There are still details to sort out. We need to build a database of neglected potential medications – several sources of such information already exist, but they are limited and as underfunded as the drugs themselves. The process of the Plutocratic Proposal will also have to be overseen by an independent body that will ensure the quality of the drugs being tested and that the contract between the researchers and the donor is both honourable and honoured. But it’s easy to imagine how that can be done.
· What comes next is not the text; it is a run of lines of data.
(* Let $Q\in V_{\alpha,\beta}$ be a quadric with $Q(v_0)=Q(v_1)$ whose $M_S$-translates span $V_{\alpha,\beta}$. Then for every $i=0,\dots,4$ (indices mod 5): $Q(v_i)=Q(v_0)$, $$B(v_{i+1},v_{i-1})=B(v_1,v_4)\prod_{j=1}^{i}\sigma^{j-1}\!\left(\frac{\beta^2}{\sigma(\beta)\sigma^4(\beta)}\right),\qquad B(v_{i+2},v_{i-2})=B(v_2,v_3)\prod_{j=1}^{i}\sigma^{j-1}\!\left(\frac{\beta^2}{\sigma^2(\beta)\sigma^3(\beta)}\right).$$
   Context: $K$ is a field with $\mathrm{char}(K)\neq5$ containing a primitive 5th root of unity $\zeta$; $E/K$ is an elliptic curve with full rational 5-torsion, basis $S,T$. $a\in K^*$ not a fifth power, $\alpha^5=a$, $L=K(\alpha)$, $\sigma(\alpha)=\zeta\alpha$, $\beta=\sum_{i=0}^4\beta_i\alpha^i\in L$ with $N_{L/K}(\beta)=b$. $M_S=M_{a,5}$ (with $(M_{a,5}x)_i=x_{i+1}$ for $i\le3$, $(M_{a,5}x)_4=ax_0$), $M_T=\mathrm{diag}(1,\zeta,\dots,\zeta^4)\sum_i\beta_iM_S^i$. $V_{\alpha,\beta}$ is the unique 5-dimensional $K$-space of quadrics in $x_0,\dots,x_4$ defining a smooth degree 5 genus one curve $C_{\alpha,\beta}\subset\mathbb P^4$ with Jacobian $E$, corresponding to $(a,b)\in H^1(K,E[5])$, on which $S,T$ act by $M_S,M_T$ (in particular $V_{\alpha,\beta}$ is stable under $Q\mapsto Q^{M_S}$ and $Q\mapsto Q^{M_T}$, where $f^M(x)=f(Mx)$). $v_i=(1,\alpha\zeta^i,\alpha^2\zeta^{2i},\alpha^3\zeta^{3i},\alpha^4\zeta^{4i})$, and $B(w,v)=Q(w+v)-Q(w)-Q(v)$ is the associated bilinear form. *)

From HB Require Import structures.
From mathcomp Require Import all_boot all_order all_algebra.
From mathcomp Require Import mpoly.
Set Implicit Arguments. Unset Strict Implicit. Unset Printing Implicit Defensive.
Import GRing.Theory.
Local Open Scope ring_scope.

Section Defs.
Variables (K L : fieldType).

Definition is_quadric (Q : {mpoly K[5]}) : bool :=
  all (fun m => mdeg m == 2%N) (msupp Q).

Definition linsub (M : 'M[K]_5) : 5.-tuple {mpoly K[5]} :=
  [tuple \sum_(j < 5) M i j *: 'X_j | i < 5].

Definition qtrans (Q : {mpoly K[5]}) (M : 'M[K]_5) : {mpoly K[5]} :=
  Q \mPo linsub M.

Definition qeval (iota : K -> L) (Q : {mpoly K[5]}) (x : 'I_5 -> L) : L :=
  mmap iota x Q.

Definition qbil (iota : K -> L) (Q : {mpoly K[5]}) (w v : 'I_5 -> L) : L :=
  qeval iota Q (fun k => w k + v k) - qeval iota Q w - qeval iota Q v.

(* M_{a,5}: (M x)_i = x_{i+1} for i <= 3, (M x)_4 = a x_0 *)
Definition Mmat (a : K) : 'M[K]_5 :=
  \matrix_(i < 5, j < 5)
    (if (i < 4)%N then (j == i.+1 :> nat)%:R else a * (j == 0%N :> nat)%:R).

Definition MTmat (a z : K) (bc : 'I_5 -> K) : 'M[K]_5 :=
  diag_mx (\row_(i < 5) z ^+ i) *m \sum_(i < 5) bc i *: Mmat a ^+ i.

Definition ofcoords (iota : K -> L) (alpha : L) (c : 'I_5 -> K) : L :=
  \sum_(i < 5) iota (c i) * alpha ^+ i.

Definition vpt (iota : K -> L) (alpha : L) (z : K) (i : nat) : 'I_5 -> L :=
  fun k => (alpha * iota z ^+ i) ^+ k.

End Defs.

From HB Require Import structures.
From mathcomp Require Import all_boot all_order all_algebra.
From mathcomp Require Import mpoly.
From mathcomp Require Import ring.
From Stdlib Require Import FunctionalExtensionality.
Set Implicit Arguments. Unset Strict Implicit. Unset Printing Implicit Defensive.
Import GRing.Theory.
Local Open Scope ring_scope.

(* The v_i are eigenvectors of M_S (eigenvalue alpha z^i) permuted cyclically
   by sigma, and M_T v_i = sigma^i(beta) v_(i+1).  As Q is defined over K,
   sigma(Q(v_i)) = Q(v_(i+1)) and sigma(B(v_p, v_q)) = B(v_(p+1), v_(q+1)).
   Write Q^(M_T) = sum_k c_k Q^(M_S^k) and f(t) = sum_k c_k t^k.  Evaluating at
   v_0, where Q does not vanish since v_0 is not a base point of V, gives
   beta^2 = f(alpha^2).  When p + q = 5 the eigenvalues of v_p and v_q multiply
   to alpha^2, so the same identity applied to B(v_p, v_q) shows that sigma
   multiplies B(v_p, v_q) by beta^2 / (sigma^p(beta) sigma^q(beta)); iterating
   this cocycle relation gives the product formulas. *)

Lemma mmap1_mdeg2 (R : comNzRingType) n (m : 'X_{1..n}) : mdeg m = 2%N ->
  exists i j : 'I_n, forall h : 'I_n -> R, mmap1 h m = h i * h j.
Proof.
move=> m2.
case: (pickP (fun i : 'I_n => m i != 0%N)) => [i mi|m0]; last first.
  have : mdeg m = 0%N by rewrite mdegE big1 // => i _; apply/eqP/negbFE/m0.
  by rewrite m2.
have le_Ui_m : (U_(i) <= m)%MM.
  by apply/mnm_lepP => j; rewrite mnm1E; case: eqP => [<-|] //=; rewrite lt0n.
have mE := submK le_Ui_m.
have m1 : mdeg (m - U_(i)) == 1%N.
  by move: m2; rewrite -{1}mE mdegD mdeg1 addn1 => -[->].
have [j /eqP mUj] := mdeg1P _ m1.
exists j, i => h; rewrite -mE mUj commr_mmap1_M ?mmap1U // => k x.
exact: mulrC.
Qed.
(* Second inequality, in exponent form: the exponent is minimal at p = n/2.
   Walk from p to n/2 in steps of 2; a final single step is either a step of
   2 across the middle (n odd) or discrete convexity of lam (n even). *)
Lemma clifford_exponent_min (n p : nat) :
  (1 <= p)%nat -> (p <= n - 1)%nat -> clifford_exponent n (n / 2) <= clifford_exponent n p.
Proof.
  pose proof (Nat.div_mod n 2 ltac:(lia)) as Hdiv.
  pose proof (Nat.mod_upper_bound n 2 ltac:(lia)) as Hmod.
  assert (Hhalf : forall d q, (n / 2 - q = d)%nat -> (1 <= q)%nat -> (2 * q <= n)%nat ->
                  clifford_exponent n (n / 2) <= clifford_exponent n q).
  { intro d. induction d as [d IH] using (well_founded_induction lt_wf). intros q Hd H1 H2.
    destruct (Nat.eq_dec d 0) as [->|N0]; [replace (n / 2)%nat with q by lia; lra|].
    assert (Hs := clifford_exponent_step n q H1 ltac:(lia)).
    destruct (Nat.eq_dec d 1) as [->|N1].
    - destruct (Nat.Even_or_Odd n) as [[b Hb]|[b Hb]].
      + assert (Hconv := lam_diff2_nonneg q H1).
        unfold lam_diff2, clifford_exponent in *.
        replace (n / 2)%nat with (S q) by lia.
        replace (n - q)%nat with (S (S q)) by lia. replace (n - S q)%nat with (S q) by lia. lra.
      + unfold clifford_exponent in *.
        replace (n - (q + 2))%nat with (n / 2)%nat in Hs by lia.
        replace (q + 2)%nat with (n - n / 2)%nat in Hs by lia. lra.
    - assert (IH' := IH (d - 2)%nat ltac:(lia) (q + 2)%nat ltac:(lia) ltac:(lia) ltac:(lia)).
      lra. }
  intros H1 H2. destruct (Nat.le_gt_cases (2 * p) n).
  - apply (Hhalf (n / 2 - p)%nat); lia.
  - rewrite <- (clifford_exponent_sym n p) by lia. apply (Hhalf (n / 2 - (n - p))%nat); lia.
Qed.

Lemma sqrt_pow_exp (x : R) (k : nat) : 0 < x -> sqrt x ^ k = exp (INR k * (ln x / 2)).
Proof.
  intros Hx. rewrite <- (Rpower_sqrt x Hx). unfold Rpower at 1.
  rewrite <- Rpower_pow by apply exp_pos. unfold Rpower. rewrite ln_exp. f_equal. field.
Qed.

Lemma scaled_sphere_vol_exp (n k : nat) : (1 <= k)%nat -> (1 <= n)%nat ->
  sqrt (INR k / INR n) ^ k * sphere_vol k =
  exp (lam k - INR k / 2 * ln (INR n) + ln 2 + (INR k + 1) / 2 * ln PI).
Proof.
  intros Hk Hn.
  assert (0 < INR k) by (apply lt_0_INR; lia). assert (0 < INR n) by (apply lt_0_INR; lia).
  assert (P := half_gamma_pos (S k) ltac:(lia)).
  rewrite sqrt_pow_exp, ln_div by (try apply Rdiv_lt_0_compat; lra).
  unfold sphere_vol, Rpower. rewrite Nat.add_1_r, S_INR.
  replace (2 * exp ((INR k + 1) / 2 * ln PI) / half_gamma (S k))
    with (exp (ln 2) * exp ((INR k + 1) / 2 * ln PI) * exp (- ln (half_gamma (S k))))
    by (rewrite exp_Ropp, !exp_ln by lra; field; lra).
  rewrite <- !exp_plus. f_equal. unfold lam, lgam. field.
Qed.

Lemma clifford_vol_exp (n p : nat) : (1 <= p)%nat -> (p <= n - 1)%nat ->
  clifford_vol n p
  = exp (clifford_exponent n p - INR n / 2 * ln (INR n) + 2 * ln 2 + (INR n + 2) / 2 * ln PI).
Proof.
  intros H1 H2. unfold clifford_vol, prod_sphere_vol, sphere_vol_r.
  rewrite (scaled_sphere_vol_exp n p), (scaled_sphere_vol_exp n (n - p)), <- exp_plus by lia.
  f_equal. unfold clifford_exponent. rewrite minus_INR by lia. field.
Qed.

Lemma two_sphere_vol_exp (n : nat) :
  2 * sphere_vol n = exp (2 * ln 2 + (INR n + 1) / 2 * ln PI - lgam n).
Proof.
  assert (P := half_gamma_pos (S n) ltac:(lia)).
  unfold sphere_vol, Rpower. rewrite Nat.add_1_r, S_INR.
  replace (2 * (2 * exp ((INR n + 1) / 2 * ln PI) / half_gamma (S n)))
    with (exp (ln 2) * exp (ln 2) * exp ((INR n + 1) / 2 * ln PI) * exp (- lgam n))
    by (unfold lgam; rewrite exp_Ropp, !exp_ln by lra; field; lra).
  rewrite <- !exp_plus. f_equal. ring.
Qed.

Lemma exp_le_mono (x y : R) : x <= y -> exp x <= exp y.
Proof. intros [Hlt | ->]; [left; apply exp_increasing, Hlt | right; reflexivity]. Qed.
Lemma exists_nat_between (R : realType) (a b : R) (d N : nat) :
  0 <= a -> a + 1 <= b -> d%:R <= b -> a + 1 <= N%:R ->
  exists n : nat, [/\ (d <= n <= maxn d N)%N, a <= n%:R & n%:R <= b].
Proof.
move=> a_ge0 ab db aN; set t := (Num.truncn a).+1.
have a_lt_t : a < t%:R by apply: truncnS_gt.
have t_le : t%:R <= a + 1 by rewrite /t -addn1 natrD lerD2r truncn_le.
exists (maxn d t); split.
- rewrite leq_maxl geq_max leq_maxl leq_max; apply/orP; right.
  by rewrite -(ler_nat R) (le_trans t_le).
- by rewrite (le_trans (ltW a_lt_t)) // ler_nat leq_maxr.
- by rewrite /maxn; case: ltnP => _; rewrite // (le_trans t_le).
Qed.

Section SizeWindow.

Variables (R : realType) (q r : nat).
Hypothesis q_gt1 : (1 < q)%N.
Hypothesis r_gt1 : (1 < r)%N.
Hypothesis r_small : (r%:R : R) < Num.sqrt (q%:R) / 2 - (2 * log2 (q%:R : R) + 1) / 4.

Local Notation Q := (q%:R : R).
Local Notation L := (log2 Q).
Local Notation Z := ((Q ^+ 3 - 3 * Q ^+ 2 - 2 * Q) / r%:R).
Local Notation c := ((Num.ceil (L + 1))%:~R : R).

Definition window_lower : R := Z + 2 * Q ^+ 2 - Q + 2 - 2 * c.
Definition window_upper : R := Z + 2 * Q ^+ 2 + Q + 2 + 2 * c.

Let ln2_gt0 : 0 < ln (2 : R).
Proof. by apply: ln_gt0; lra. Qed.

Lemma ltr_nat_log2 (k : nat) : (2 ^ k < q)%N -> k%:R < L.
Proof.
move=> k_lt; have Q_gt0 : 0 < Q by rewrite ltr0n ltnW.
rewrite /log2 ltr_pdivlMr // mulr_natl -lnXn; last lra.
by rewrite ltr_ln ?posrE ?exprn_gt0 // -natrX ltr_nat.
Qed.

Lemma log2_ge0 : 0 <= L.
Proof. by rewrite /log2 divr_ge0 ?ln_ge0 ?ler1n ?(ltnW q_gt1). Qed.

Lemma sqr_sqrt_q : Num.sqrt Q ^+ 2 = Q.
Proof. by rewrite sqr_sqrtr ?ler0n. Qed.

Lemma q_gt16 : 16 < Q.
Proof.
have L_ge0 := log2_ge0; have r_ge2 : 2 <= r%:R :> R by rewrite ler_nat.
have s_gt4 : 4 < Num.sqrt Q by have := r_small; lra.
by rewrite -sqr_sqrt_q expr2; nra.
Qed.

(* AM-GM: (2L+1)(2 sqrt q - (2L+1)) <= q. *)
Lemma r_log2_lt : r%:R * (8 * L + 4) < Q.
Proof.
have L_ge0 := log2_ge0; have := r_small; set s := Num.sqrt Q => r_lt.
have rL_lt : r%:R * (8 * L + 4) < (s / 2 - (2 * L + 1) / 4) * (8 * L + 4).
  by rewrite ltr_pM2r //; lra.
have sq_ge0 : 0 <= (s - (2 * L + 1)) ^+ 2 by apply: sqr_ge0.
by rewrite -[in X in _ < X]sqr_sqrt_q -/s; nra.
Qed.

Lemma log2_gt4 : 4 < L.
Proof.
rewrite -[4]/(4%N%:R) ltr_nat_log2 // -(ltr_nat R) natrX.
by have := q_gt16; lra.
Qed.

Lemma Z_bounds : (8 * L + 4) * Q ^+ 2 - (3 * Q ^+ 2 + 2 * Q) / 2 <= Z <= Q ^+ 3 / 2.
Proof.
have r_ge2 : 2 <= r%:R :> R by rewrite ler_nat.
have Q_gt16 := q_gt16; have rL_lt := r_log2_lt.
have Zr : Z * r%:R = Q ^+ 3 - 3 * Q ^+ 2 - 2 * Q by rewrite divfK // pnatr_eq0 -lt0n ltnW.
have rLQ : r%:R * (8 * L + 4) * Q ^+ 2 <= Q ^+ 3.
  by rewrite [Q ^+ 3]exprS ler_pM2r ?exprn_gt0; lra.
have Q2_ge0 : 0 <= 3 * Q ^+ 2 + 2 * Q by rewrite addr_ge0 ?mulr_ge0 ?exprn_ge0 //; lra.
have Q2r : (3 * Q ^+ 2 + 2 * Q) * 2 <= (3 * Q ^+ 2 + 2 * Q) * r%:R by rewrite ler_wpM2l.
have Q3_ge0 : 0 <= Q ^+ 3 by rewrite exprn_ge0 //; lra.
have Q3r : Q ^+ 3 * 2 <= Q ^+ 3 * r%:R by rewrite ler_wpM2l.
have r_gt0 : 0 < r%:R :> R by lra.
by apply/andP; split; rewrite -(ler_pM2r r_gt0) Zr; lra.
Qed.

Lemma ceil_log2_bounds : L + 1 <= c < L + 2.
Proof.
rewrite ceil_ge /=; have := ceilB1_lt (L + 1).
by rewrite intrD -[(- 1)%:~R]/(- 1); lra.
Qed.

Lemma small_size_le_upper (m : nat) : (2 ^ m.-1 < q)%N -> (0 < m)%N ->
  (1 + q * q + (6 * m).+1 * (q * q))%:R <= window_upper.
Proof.
move=> m_lt m_gt0; have L_gt4 := log2_gt4; have /andP [c_ge _] := ceil_log2_bounds.
have /andP [Z_ge _] := Z_bounds.
have m_le : m%:R <= L + 1.
  by rewrite -(prednK m_gt0) -addn1 natrD lerD2r ltW // ltr_nat_log2.
have Q_gt0 : 0 < Q by rewrite ltr0n ltnW.
have mQ : m%:R * Q ^+ 2 <= (L + 1) * Q ^+ 2 by rewrite ler_pM2r ?exprn_gt0.
have LQ : 0 <= (2 * L - 4) * Q ^+ 2 by rewrite mulr_ge0 ?exprn_ge0 //; lra.
have Q2_ge0 : 0 <= Q ^+ 2 by rewrite exprn_ge0 // ltW.
have -> : (1 + q * q + (6 * m).+1 * (q * q))%:R = 1 + Q ^+ 2 + (6 * m%:R + 1) * Q ^+ 2 :> R.
  by rewrite -[(6 * m).+1]addn1 !natrD !natrM; ring.
rewrite /window_upper; move: Z_ge mQ LQ c_ge L_gt4 Q2_ge0.
set Z' := Z; set L' := L; set c' := c; set Q2 := Q ^+ 2.
lra.
Qed.
Lemma abs_continuous_mul a b f g : a <= b ->
  abs_continuous a b f -> abs_continuous a b g ->
  abs_continuous a b (fun x => f x * g x).
Proof.
move=> ab acf acg.
have [Mf bound_f] := abs_continuous_bounded ab acf.
have [Mg bound_g] := abs_continuous_bounded ab acg.
pose M := `|Mf| + `|Mg| + 1.
have M_gt0 : 0 < M by rewrite /M ltr_wpDl // addr_ge0.
have bound_f' x : a <= x -> x <= b -> `|f x| <= M.
  move=> ax xb; have := bound_f x ax xb; have := ler_norm Mf.
  have : 0 <= `|Mg| by []; rewrite /M; lra.
have bound_g' x : a <= x -> x <= b -> `|g x| <= M.
  move=> ax xb; have := bound_g x ax xb; have := ler_norm Mg.
  have : 0 <= `|Mf| by []; rewrite /M; lra.
move=> e e_gt0; have eM_gt0 : 0 < e / (2 * M) by rewrite divr_gt0 // mulr_gt0.
have [d1 d1_gt0 acf_d1] := acf _ eM_gt0; have [d2 d2_gt0 acg_d2] := acg _ eM_gt0.
exists (Num.min d1 d2) => [|n x y within disj]; first by rewrite lt_min d1_gt0.
rewrite lt_min => /andP[/(acf_d1 n x y within disj) Sf /(acg_d2 n x y within disj) Sg].
have : \sum_(i < n) `|f (y i) * g (y i) - f (x i) * g (x i)| <=
    M * \sum_(i < n) `|f (y i) - f (x i)| + M * \sum_(i < n) `|g (y i) - g (x i)|.
  rewrite !mulr_sumr -big_split /=; apply: ler_sum => i _.
  have [? [? ?]] := within i (ltn_ord i).
  have -> : f (y i) * g (y i) - f (x i) * g (x i) =
      (f (y i) - f (x i)) * g (y i) + f (x i) * (g (y i) - g (x i)) by ring.
  apply: (le_trans (ler_normD _ _)); rewrite !normrM.
  apply: lerD.
  - by rewrite mulrC; apply: ler_wpM2r => //; apply: bound_g'; lra.
  - by apply: ler_wpM2r => //; apply: bound_f'; lra.
have -> : e = 2 * (M * (e / (2 * M))) by field; rewrite gt_eqF.
rewrite -(ltr_pM2l M_gt0) in Sf; rewrite -(ltr_pM2l M_gt0) in Sg.
lra.
Qed.

Lemma derive1_ge0_almost_nondecreasing f t eps : derivable f t 1 ->
  0 <= derive1 f t -> 0 < eps -> exists2 r : R, 0 < r &
    forall y z, t - r < y -> y <= t -> t <= z -> z < t + r ->
      f y - eps * (z - y) <= f z.
Proof.
move=> df f't_ge0 eps_gt0; have [r r_gt0 approx] := derive1_approx df eps_gt0.
exists r => // y z ty yt tz zt.
have := approx z; have := approx y.
rewrite (ler0_norm (x := y - t)); last lra.
rewrite (ger0_norm (x := z - t)); last lra.
move=> /(_ ltac:(lra)) /ler_normlP[_ approx_y] /(_ ltac:(lra)) /ler_normlP[approx_z _].
have : 0 <= derive1 f t * (z - t) by rewrite mulr_ge0 // subr_ge0.
have : 0 <= derive1 f t * (t - y) by rewrite mulr_ge0 // subr_ge0.
have : derive1 f t * (y - t) = - (derive1 f t * (t - y)) by ring.
have : eps * - (y - t) = eps * (t - y) by ring.
have : eps * (z - y) = eps * (z - t) + eps * (t - y) by ring.
lra.
Qed.

Definition extend_seq n (s : nat -> R) (x : R) i := if i == n then x else s i.

Lemma sum_extend_seq (F : R -> R -> R) n xs ys y z :
  \sum_(i < n.+1) F (extend_seq n xs y i) (extend_seq n ys z i) =
  \sum_(i < n) F (xs i) (ys i) + F y z.
Proof.
rewrite big_ord_recr /= /extend_seq eqxx; congr (_ + _).
by apply: eq_bigr => i _; rewrite (ltn_eqF (ltn_ord i)).
Qed.

Lemma intervals_within_extend a y z n xs ys : a <= y -> y <= z ->
  intervals_within a y n xs ys ->
  intervals_within a z n.+1 (extend_seq n xs y) (extend_seq n ys z).
Proof.
move=> ay yz within i; rewrite ltnS leq_eqVlt /extend_seq => /orP[/eqP ->|ilt].
  by rewrite eqxx.
by rewrite (ltn_eqF ilt); have := within i ilt; lra.
Qed.

Lemma nonoverlapping_extend a y z n xs ys : intervals_within a y n xs ys ->
  nonoverlapping n xs ys ->
  nonoverlapping n.+1 (extend_seq n xs y) (extend_seq n ys z).
Proof.
move=> within disj i j; rewrite !ltnS /extend_seq (leq_eqVlt i) (leq_eqVlt j).
move=> /orP[/eqP ->|ilt] /orP[/eqP ->|jlt] ij.
- by case: ij.
- by rewrite eqxx (ltn_eqF jlt); right; have := within j jlt; lra.
- by rewrite eqxx (ltn_eqF ilt); left; have := within i ilt; lra.
- by rewrite (ltn_eqF ilt) (ltn_eqF jlt); exact: disj.
Qed.

Local Notation mu := (@lebesgue_measure R).

#[local] Instance ae_lebesgue_filter : Filter (almost_everywhere mu) :=
  ae_filter_ringOfSetsType mu.

Section decrease_outside_open_set.
Variables (a b eps : R) (f : R -> R) (U : set R).
Hypotheses (eps_gt0 : 0 < eps) (openU : open U).
Hypothesis derive1_ge0 : forall t, a <= t -> t <= b -> ~ U t ->
  derivable f t 1 /\ 0 <= derive1 f t.

(* [reached x]: up to a slope [-eps], the only decrease of [f] on [[a, x]] is
   across finitely many non-overlapping intervals that fill at most the part of
   [[a, x[] lying in [U]. *)
Let reached x := exists n xs ys, [/\ intervals_within a x n xs ys,
  nonoverlapping n xs ys,
  ((\sum_(i < n) (ys i - xs i))%:E <= mu (U `&` `[a, x[))%E &
  f a - eps * (x - a) - \sum_(i < n) `|f (ys i) - f (xs i)| <= f x].

Let fine y z := f y - eps * (z - y) <= f z \/ (forall x, y <= x -> x <= z -> U x).

Let measurable_U_itv x : measurable (U `&` `[a, x[).
Proof. by apply: measurableI; [exact: open_measurable|exact: measurable_itv]. Qed.

Let measure_U_itv_le y z : y <= z -> (mu (U `&` `[a, y[) <= mu (U `&` `[a, z[))%E.
Proof.
move=> yz; apply: le_measure; rewrite ?inE; [exact: measurable_U_itv..|].
by move=> x [Ux]; rewrite /= !in_itv /= => /andP[ax xy]; split => //; rewrite ax /=; lra.
Qed.

Let measure_U_itv_extend y z : a <= y -> y < z -> (forall x, y <= x -> x <= z -> U x) ->
  (mu (U `&` `[a, y[) + (z - y)%:E <= mu (U `&` `[a, z[))%E.
Proof.
move=> ay yz Uyz; have disjoint : U `&` `[a, y[ `&` `[y, z[ = set0.
  apply/seteqP; split => // x [[_]]; rewrite /= !in_itv /=.
  by move=> /andP[_ xy] /andP[yx _]; lra.
have -> : (z - y)%:E = mu `[y, z[.
  by rewrite lebesgue_measure_itv /= lte_fin yz EFinB.
rewrite -(measureU mu (measurable_U_itv y) (measurable_itv `[y, z[) disjoint).
apply: le_measure; rewrite ?inE; [|exact: measurable_U_itv|].
  exact: measurableU (measurable_U_itv y) (measurable_itv _).
move=> x [[Ux]|]; rewrite /= !in_itv /= => /andP[x1 x2].
  by split => //; rewrite x1 /=; lra.
by split; [apply: Uyz; lra|apply/andP; split; lra].
Qed.

Let reached_step y z : a <= y -> y <= z -> reached y -> fine y z -> reached z.
Proof.
move=> ay yz [n [xs [ys [within disj length decrease]]]].
have [<-|yz'] := eqVneq y z; first by exists n, xs, ys.
have {yz yz'} yz : y < z by rewrite lt_neqAle yz' yz.
case=> [slope|covered].
  exists n, xs, ys; split => //.
  - by apply: intervals_withinW within => //; lra.
  - by apply: le_trans length _; apply: measure_U_itv_le; lra.
  - lra.
exists n.+1, (extend_seq n xs y), (extend_seq n ys z); split.
- by apply: intervals_within_extend => //; lra.
- exact: nonoverlapping_extend within disj.
- rewrite (sum_extend_seq (fun x y => y - x)) EFinD.
  by apply: le_trans (measure_U_itv_extend ay yz covered); exact: leeD.
- rewrite (sum_extend_seq (fun x y => `|f y - f x|)).
  have := ler_norm (f y - f z); rewrite distrC.
  have : 0 <= eps * (z - y) by rewrite mulr_ge0 ?subr_ge0 //; [exact: ltW|lra].
  lra.
Qed.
It is also easy to see that, once started, the new funding mechanism can be self-financing by charging the plutocratic patient a few extra per cent in running costs. “Do you want to make money from this?” asked a wary medical trials lawyer I consulted. “No,” I replied. “I’m no businessman. I can barely manage my own taxes. Besides, to ensure it is a trustworthy process it must be not-for-profit.” He nodded slowly. “You could become very rich, if you wanted to try,” he goaded.

I don’t want to try. But I do want the Plutocratic Proposal to be given a chance to live, just as the Uppsala drug has been given a chance to prove itself.

The difficulty is to get a new idea moving in a hidebound field. That’s why the publication of our lead paper was so important: it launched a wild amateur dream of a couple of journalists trying to raise money for a friend, into the world of serious medical consideration.

What we need now are entrepreneurs and risk-takers to fund the transition of this idea into reality. If anyone has a spare Patek Phillipe 1591 they’d like to cash in on the off chance that it might begin the rescue of hundreds of discarded potential treatments for the world’s terrible diseases, let us know.

The Uppsala drug is in clinical trials now. We are not allowed to say how well it is doing. The most we can divulge is that the results in humans are “promising”. But it comes too late for Dido and Vince. They both died before the potential new treatment could begin these human tests. We hope the new funding mechanism will come in time for thousands of others.